» Problem requirements:
Return only what lies between the first line of the entries and the line containing "Variable T : Type.", both lines included.

(Stored data)
((
(* Let $S$ be an inverse semigroup that is a separately Scott-continuous mirror semigroup, with semilattice of idempotents $\Sigma$. Then for all $s,t\in S$, $s \ll t$ if and only if $s\leqslant t$ and $\sigma(s) \prec\!\!\!\prec \sigma(t)$.
   Context: An inverse semigroup is a semigroup $S$ in which every $s$ has a unique $s^*$ with $ss^*s=s$ and $s^*ss^*=s^*$. $\Sigma=\Sigma(S)$ is the set of idempotents. The intrinsic order is $s\leqslant t$ iff $s=t\epsilon$ for some idempotent $\epsilon$. A subset is directed if nonempty and any two elements have an upper bound in it. $S$ is a mirror semigroup if every directed subset of $\Sigma$ having a supremum in $(\Sigma,\leqslant)$ also has a supremum in $(S,\leqslant)$. $S$ is separately Scott-continuous if for every directed $D\subseteq S$ with a supremum $\bigvee D$ in $S$ and every $s\in S$, $\bigvee(Ds)$ exists in $S$ and equals $(\bigvee D)s$. The source map is $\sigma(s)=s^*s$. In a poset, $x$ is way-below $y$ if for every directed subset $D$ that has a supremum with $y\leqslant \sup D$, there is $d\in D$ with $x\leqslant d$. $\ll$ denotes the way-below relation of the poset $(S,\leqslant)$ and $\prec\!\!\!\prec$ the way-below relation of the poset $(\Sigma,\leqslant)$. *)

Set Implicit Arguments.
Section InvSemigroup.
Variable T : Type.
Variable mul : T -> T -> T.
Variable inv : T -> T.

Definition inverse_semigroup : Prop :=
  (forall a b c, mul a (mul b c) = mul (mul a b) c) /\
  (forall s, mul (mul s (inv s)) s = s /\ mul (mul (inv s) s) (inv s) = inv s) /\
  (forall s x, mul (mul s x) s = s -> mul (mul x s) x = x -> x = inv s).

Definition idem (e : T) : Prop := mul e e = e.

Definition allT (x : T) : Prop := True.

Definition ile (s t : T) : Prop := exists e, idem e /\ s = mul t e.

Definition src (s : T) : T := mul (inv s) s.

Definition directed_in (P : T -> Prop) (D : T -> Prop) : Prop :=
  (exists d, D d) /\ (forall d, D d -> P d) /\
  (forall a b, D a -> D b -> exists c, D c /\ ile a c /\ ile b c).

Definition is_sup_in (P : T -> Prop) (D : T -> Prop) (z : T) : Prop :=
  P z /\ (forall d, D d -> ile d z) /\
  (forall y, P y -> (forall d, D d -> ile d y) -> ile z y).

Definition way_below_in (P : T -> Prop) (x y : T) : Prop :=
  forall D z, directed_in P D -> is_sup_in P D z -> ile y z ->
    exists d, D d /\ ile x d.

Definition mirror : Prop :=
  forall D, directed_in idem D -> (exists z, is_sup_in idem D z) ->
    exists w, is_sup_in allT D w.

Definition rtrans (D : T -> Prop) (s : T) : T -> Prop :=
  fun x => exists d, D d /\ x = mul d s.

Definition sep_scott_continuous : Prop :=
  forall D z, directed_in allT D -> is_sup_in allT D z ->
    forall s, is_sup_in allT (rtrans D s) (mul z s).

End InvSemigroup.

(* Forward direction: s <= t is witnessed by the directed set {t}.  If D is a
   directed set of idempotents with supremum e >= σ(t) in Σ, the mirror property
   makes e its supremum in S, and then t = t e is the supremum of t D, by Scott
   continuity of left translation (right translation conjugated by inversion).
   So s <= t d for some d in D, whence σ(s) <= σ(t d) <= d.
   Backward direction: if D is directed with supremum z >= t, Scott continuity
   applied to D^* and z gives σ(z) = sup { d^* z } = sup σ(D).  Hence
   σ(s) <= σ(d) for some d in D, and as s and d lie below z,
   s = z σ(s) <= z σ(d) = d. *)

From Pilot Require Import Defs.
From Stdlib Require Import Setoid.

Set Implicit Arguments.

Section InverseSemigroup.

Variables (T : Type) (mul : T -> T -> T) (inv : T -> T).
Hypothesis HS : inverse_semigroup mul inv.

Local Infix "·" := mul (at level 45, right associativity).
Local Infix "≤" := (ile mul) (at level 70).
Local Notation σ := (src mul inv).
Local Notation Σ := (idem mul).
Local Notation allT := (@Defs.allT T).

Lemma mulA a b c : a · (b · c) = (a · b) · c.
Proof. apply HS. Qed.

(* Products are kept right-associated; lemmas with suffix r take an extra
   right factor y so that they still match after reassociation. *)
Local Ltac reassoc := repeat rewrite <- mulA.
Local Ltac reassoc_in H := repeat rewrite <- mulA in H.

Lemma mul_inv_mul s : s · inv s · s = s.
Proof. rewrite mulA. apply (proj1 (proj2 HS) s). Qed.

Lemma inv_mul_inv s : inv s · s · inv s = inv s.
Proof. rewrite mulA. apply (proj1 (proj2 HS) s). Qed.

Lemma inv_unique s x : s · x · s = s -> x · s · x = x -> x = inv s.
Proof. rewrite !mulA. apply (proj2 (proj2 HS)). Qed.

Lemma mul_inv_mulr s y : s · inv s · s · y = s · y.
Proof. now rewrite (mulA (inv s)), (mulA s), mul_inv_mul. Qed.

Lemma inv_mul_invr s y : inv s · s · inv s · y = inv s · y.
Proof. now rewrite (mulA s), (mulA (inv s)), inv_mul_inv. Qed.

Lemma inv_inv s : inv (inv s) = s.
Proof. symmetry. apply inv_unique; [apply inv_mul_inv | apply mul_inv_mul]. Qed.

Lemma idem_inv e : Σ e -> inv e = e.
Proof. intro He. symmetry. apply inv_unique; now rewrite He, He. Qed.

Lemma idem_mulr e y : Σ e -> e · e · y = e · y.
Proof. intro He. now rewrite mulA, He. Qed.

(* For idempotents e, f the element f (ef)^* e is an inverse of ef, hence equal
   to (ef)^*, and it is idempotent; so ef = (ef)^** is idempotent too. *)
Lemma idem_mul e f : Σ e -> Σ f -> Σ (e · f).
Proof.
  intros He Hf.
  set (x := inv (e · f)).
  assert (Hx1 : e · f · x · e · f = e · f).
  { pose proof (mul_inv_mul (e · f)) as H. fold x in H. now reassoc_in H. }
  assert (Hx2 : forall y, x · e · f · x · y = x · y).
  { intro y. pose proof (inv_mul_invr (e · f) y) as H. fold x in H. now reassoc_in H. }
  assert (Hfxe : f · x · e = x).
  { apply inv_unique; reassoc; rewrite ?(idem_mulr _ He), ?(idem_mulr _ Hf).
    - exact Hx1.
    - now rewrite Hx2. }
  assert (Hx : Σ x).
  { unfold idem. rewrite <- Hfxe. reassoc. now rewrite Hx2. }
  unfold x in Hx. now rewrite <- (inv_inv (e · f)), (idem_inv Hx).
Qed.

(* fe is an inverse of the idempotent ef, which is its own inverse. *)
Lemma idem_comm e f : Σ e -> Σ f -> e · f = f · e.
Proof.
  intros He Hf.
  assert (Hef := idem_mul He Hf). assert (Hfe := idem_mul Hf He).
  rewrite <- (idem_inv Hef) at 1. symmetry.
  unfold idem in Hef, Hfe. reassoc_in Hef. reassoc_in Hfe.
  apply inv_unique; reassoc; now rewrite ?(idem_mulr _ He), ?(idem_mulr _ Hf).
Qed.

Lemma src_idem s : Σ (σ s).
Proof. unfold idem, src. reassoc. now rewrite inv_mul_invr. Qed.

Lemma mul_inv_idem s : Σ (s · inv s).
Proof. unfold idem. reassoc. now rewrite mul_inv_mulr. Qed.

Lemma src_comm e t : Σ e -> e · inv t · t = inv t · t · e.
Proof.
  intro He. pose proof (idem_comm He (src_idem t)) as H. unfold src in H.
  now reassoc_in H.
Qed.

Lemma src_commr e t y : Σ e -> e · inv t · t · y = inv t · t · e · y.
Proof. intro He. rewrite (mulA (inv t)), (mulA e), (src_comm t He). now reassoc. Qed.

Lemma inv_mul a b : inv (a · b) = inv b · inv a.
Proof.
  symmetry. apply inv_unique; reassoc.
  - pose proof (src_commr a b (mul_inv_idem b)) as H. reassoc_in H.
    now rewrite H, mul_inv_mulr, mul_inv_mul.
  - pose proof (src_commr a (inv a) (mul_inv_idem b)) as H. reassoc_in H.
    now rewrite <- H, inv_mul_invr, inv_mul_inv.
Qed.

Lemma ile_refl t : t ≤ t.
Proof. exists (σ t). split; [apply src_idem | symmetry; apply mul_inv_mul]. Qed.

Lemma ile_trans a b c : a ≤ b -> b ≤ c -> a ≤ c.
Proof.
  intros [e [He ->]] [f [Hf ->]]. exists (f · e).
  split; [now apply idem_mul | now rewrite mulA].
Qed.

Lemma ile_antisym a b : a ≤ b -> b ≤ a -> a = b.
Proof.
  intros [e [He Ha]] [f [Hf Hb]].
  assert (Hafe : a = a · f · e) by (rewrite Ha at 1; rewrite Hb; now reassoc).
  assert (Haf : a · f = a).
  { rewrite Hafe at 1. reassoc. rewrite (idem_comm He Hf), (idem_mulr _ Hf).
    now symmetry. }
  now rewrite Hb, Haf.
Qed.

Lemma ile_mul2l t a b : a ≤ b -> t · a ≤ t · b.
Proof. intros [e [He ->]]. exists e. split; [exact He | apply mulA]. Qed.

Lemma ile_inv a b : a ≤ b -> inv a ≤ inv b.
Proof.
  intros [e [He ->]]. exists (b · e · inv b). split.
  - unfold idem. reassoc.
    now rewrite (src_commr b (e · inv b) He), mul_inv_mulr, (idem_mulr _ He).
  - rewrite inv_mul, (idem_inv He).
    now rewrite <- (src_commr b (inv b) He), inv_mul_inv.
Qed.

Lemma ile_idem a e : a ≤ e -> Σ e -> Σ a.
Proof. intros [f [Hf ->]] He. now apply idem_mul. Qed.

Lemma ile_eq_mul_src a b : a ≤ b -> a = b · σ a.
Proof.
  intros [e [He ->]]. unfold src. rewrite inv_mul, (idem_inv He). reassoc.
  now rewrite (src_commr b e He), mul_inv_mulr, He.
Qed.

Lemma src_ile a b : a ≤ b -> σ a ≤ σ b.
Proof.
  intros [e [He ->]]. exists e. split; [exact He |].
  unfold src. rewrite inv_mul, (idem_inv He). reassoc.
  now rewrite (src_commr b e He), He.
Qed.

Lemma src_mul_idem_ile x e : Σ e -> σ (x · e) ≤ e.
Proof.
  intro He. exists (σ x · e). split.
  - exact (idem_mul (src_idem x) He).
  - unfold src. rewrite inv_mul, (idem_inv He). now reassoc.
Qed.

Lemma inv_mul_of_ile d z : d ≤ z -> inv d · z = σ d.
Proof.
  intros [e [He ->]]. unfold src. rewrite inv_mul, (idem_inv He). reassoc.
  now rewrite (src_commr z e He), (src_comm z He), He.
Qed.

Lemma mul_idem_of_src_ile t e : Σ e -> σ t ≤ e -> t · e = t.
Proof.
  intros He [f [Hf H]]. unfold src in H.
  assert (Ht : t = t · e · f) by (rewrite <- H; symmetry; apply mul_inv_mul).
  rewrite Ht at 1. reassoc. rewrite (idem_comm Hf He), (idem_mulr _ He).
  now symmetry.
Qed.

Lemma ile_of_src_ile a b z : a ≤ z -> b ≤ z -> σ a ≤ σ b -> a ≤ b.
Proof.
  intros Haz Hbz [f [Hf H]]. exists f. split; [exact Hf |].
  now rewrite (ile_eq_mul_src Haz), H, mulA, <- (ile_eq_mul_src Hbz).
Qed.

Definition image (f : T -> T) (D : T -> Prop) : T -> Prop :=
  fun x => exists d, D d /\ x = f d.

Lemma is_sup_ext P D D' z :
  (forall x, D x <-> D' x) -> is_sup_in mul P D z -> is_sup_in mul P D' z.
Proof.
  intros E [Hz [Hub Hleast]]. split; [exact Hz | split].
  - intros d Hd. now apply Hub, E.
  - intros y Hy Hu. apply Hleast; [exact Hy |]. intros d Hd. now apply Hu, E.
Qed.

Lemma is_sup_restrict P D z :
  is_sup_in mul allT D z -> P z -> is_sup_in mul P D z.
Proof.
  intros [_ [Hub Hleast]] Hz. split; [exact Hz | split; [exact Hub |]].
  intros y _. now apply Hleast.
Qed.

Lemma directed_allT P D : directed_in mul P D -> directed_in mul allT D.
Proof. intros [Hne [_ Hdir]]. now split; [| split]. Qed.

Lemma directed_image P Q f D :
  (forall a b, a ≤ b -> f a ≤ f b) -> (forall d, D d -> P (f d)) ->
  directed_in mul Q D -> directed_in mul P (image f D).
Proof.
  intros Hf HP [[d0 Hd0] [_ Hdir]]. split; [exists (f d0), d0; now split | split].
  - intros x [d [Hd ->]]. now apply HP.
  - intros a b [d1 [Hd1 ->]] [d2 [Hd2 ->]].
    destruct (Hdir d1 d2 Hd1 Hd2) as [c [Hc [H1 H2]]].
    exists (f c). split; [exists c; now split | split; now apply Hf].
Qed.

Lemma is_sup_image_inv D z :
  is_sup_in mul allT D z -> is_sup_in mul allT (image inv D) (inv z).
Proof.
  intros [_ [Hub Hleast]]. split; [exact I | split].
  - intros x [d [Hd ->]]. now apply ile_inv, Hub.
  - intros y _ Hu. rewrite <- (inv_inv y). apply ile_inv, Hleast; [exact I |].
    intros d Hd. rewrite <- (inv_inv d). apply ile_inv, Hu. now exists d.
Qed.

Lemma way_below_ile P s t : P t -> way_below_in mul P s t -> s ≤ t.
Proof.
  intros Ht Hwb.
  destruct (Hwb (fun x => x = t) t) as [d [-> Hsd]]; [| | apply ile_refl | exact Hsd].
  - split; [now exists t | split; [now intros d -> |]].
    intros a b -> ->. exists t. split; [reflexivity | split; apply ile_refl].
  - split; [exact Ht | split; [intros d ->; apply ile_refl |]].
    intros y _ Hu. now apply Hu.
Qed.

(* In a mirror semigroup the supremum taken in S of a directed set of
   idempotents is idempotent, hence coincides with its supremum in Σ. *)
Lemma is_sup_mirror D z :
  mirror mul -> directed_in mul Σ D -> is_sup_in mul Σ D z ->
  is_sup_in mul allT D z.
Proof.
  intros Hmirror HD Hz. destruct (Hmirror D HD (ex_intro _ z Hz)) as [w Hw].
  assert (Hwz : w ≤ z) by (apply Hw; [exact I | apply Hz]).
  assert (Hzw : z ≤ w) by (apply Hz; [exact (ile_idem Hwz (proj1 Hz)) | apply Hw]).
  now rewrite (ile_antisym Hzw Hwz).
Qed.

Lemma directed_image_inv D :
  directed_in mul allT D -> directed_in mul allT (image inv D).
Proof. apply directed_image; [exact ile_inv | now intros]. Qed.

(* Left translation is Scott-continuous too: conjugate right translation by
   inversion, an order automorphism. *)
Lemma is_sup_image_mull D z s :
  sep_scott_continuous mul -> directed_in mul allT D -> is_sup_in mul allT D z ->
  is_sup_in mul allT (image (mul s) D) (s · z).
Proof.
  intros Hscott HD Hz.
  pose proof (Hscott _ _ (directed_image_inv HD) (is_sup_image_inv Hz) (inv s)) as H.
  apply is_sup_image_inv in H. rewrite inv_mul, !inv_inv in H.
  revert H. apply is_sup_ext. intro x. split.
  - intros [y [[d' [[d [Hd ->]] ->]] ->]]. exists d.
    split; [exact Hd | now rewrite inv_mul, !inv_inv].
  - intros [d [Hd ->]]. exists (inv d · inv s).
    split; [exists (inv d); split; [now exists d | reflexivity] |].
    now rewrite inv_mul, !inv_inv.
Qed.

Lemma is_sup_image_src D z :
  sep_scott_continuous mul -> directed_in mul allT D -> is_sup_in mul allT D z ->
  is_sup_in mul allT (image σ D) (σ z).
Proof.
  intros Hscott HD Hz.
  pose proof (Hscott _ _ (directed_image_inv HD) (is_sup_image_inv Hz) z) as H.
  revert H. apply is_sup_ext. intro x. split.
  - intros [y [[d [Hd ->]] ->]]. exists d.
    split; [exact Hd | apply inv_mul_of_ile, Hz, Hd].
  - intros [d [Hd ->]]. exists (inv d).
    split; [now exists d | symmetry; apply inv_mul_of_ile, Hz, Hd].
Qed.

Lemma way_below_src s t :
  mirror mul -> sep_scott_continuous mul ->
  way_below_in mul allT s t -> way_below_in mul Σ (σ s) (σ t).
Proof.
  intros Hmirror Hscott Hwb D z HD Hz Htz.
  assert (HtD : is_sup_in mul allT (image (mul t) D) t).
  { rewrite <- (mul_idem_of_src_ile (proj1 Hz) Htz) at 2.
    exact (is_sup_image_mull t Hscott (directed_allT HD) (is_sup_mirror Hmirror HD Hz)). }
  assert (HtD_dir := directed_image allT (mul t) (ile_mul2l t) (fun _ _ => I) HD).
  destruct (Hwb _ _ HtD_dir HtD (ile_refl t)) as [x [[d [Hd ->]] Hsd]].
  exists d. split; [exact Hd |].
  apply ile_trans with (σ (t · d)); [now apply src_ile |].
  apply src_mul_idem_ile, HD, Hd.
Qed.

Lemma way_below_of_src s t :
  sep_scott_continuous mul -> s ≤ t ->
  way_below_in mul Σ (σ s) (σ t) -> way_below_in mul allT s t.
Proof.
  intros Hscott Hst Hwb D z HD Hz Htz.
  destruct (Hwb (image σ D) (σ z)) as [x [[d [Hd ->]] Hsd]].
  - exact (directed_image Σ σ src_ile (fun d _ => src_idem d) HD).
  - exact (is_sup_restrict Σ (is_sup_image_src Hscott HD Hz) (src_idem z)).
  - now apply src_ile.
  - exists d. split; [exact Hd |].
    apply ile_of_src_ile with z; [now apply ile_trans with t | apply Hz, Hd | exact Hsd].
Qed.

End InverseSemigroup.

Theorem lemma4p4 (T : Type) (mul : T -> T -> T) (inv : T -> T)
  (HS : inverse_semigroup mul inv)
  (Hmirror : mirror mul)
  (Hscott : sep_scott_continuous mul) :
  forall s t : T,
    way_below_in mul (@allT T) s t <->
    (ile mul s t /\ way_below_in mul (idem mul) (src mul inv s) (src mul inv t)).
Proof.
  intros s t. split.
  - intro Hwb. split.
    + exact (way_below_ile HS I Hwb).
    + exact (way_below_src HS Hmirror Hscott Hwb).
  - intros [Hst Hwb]. exact (way_below_of_src HS Hscott Hst Hwb).
Qed.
))
» Solution:
(* Let $S$ be an inverse semigroup that is a separately Scott-continuous mirror semigroup, with semilattice of idempotents $\Sigma$. Then for all $s,t\in S$, $s \ll t$ if and only if $s\leqslant t$ and $\sigma(s) \prec\!\!\!\prec \sigma(t)$.
   Context: An inverse semigroup is a semigroup $S$ in which every $s$ has a unique $s^*$ with $ss^*s=s$ and $s^*ss^*=s^*$. $\Sigma=\Sigma(S)$ is the set of idempotents. The intrinsic order is $s\leqslant t$ iff $s=t\epsilon$ for some idempotent $\epsilon$. A subset is directed if nonempty and any two elements have an upper bound in it. $S$ is a mirror semigroup if every directed subset of $\Sigma$ having a supremum in $(\Sigma,\leqslant)$ also has a supremum in $(S,\leqslant)$. $S$ is separately Scott-continuous if for every directed $D\subseteq S$ with a supremum $\bigvee D$ in $S$ and every $s\in S$, $\bigvee(Ds)$ exists in $S$ and equals $(\bigvee D)s$. The source map is $\sigma(s)=s^*s$. In a poset, $x$ is way-below $y$ if for every directed subset $D$ that has a supremum with $y\leqslant \sup D$, there is $d\in D$ with $x\leqslant d$. $\ll$ denotes the way-below relation of the poset $(S,\leqslant)$ and $\prec\!\!\!\prec$ the way-below relation of the poset $(\Sigma,\leqslant)$. *)

Set Implicit Arguments.
Section InvSemigroup.
Variable T : Type.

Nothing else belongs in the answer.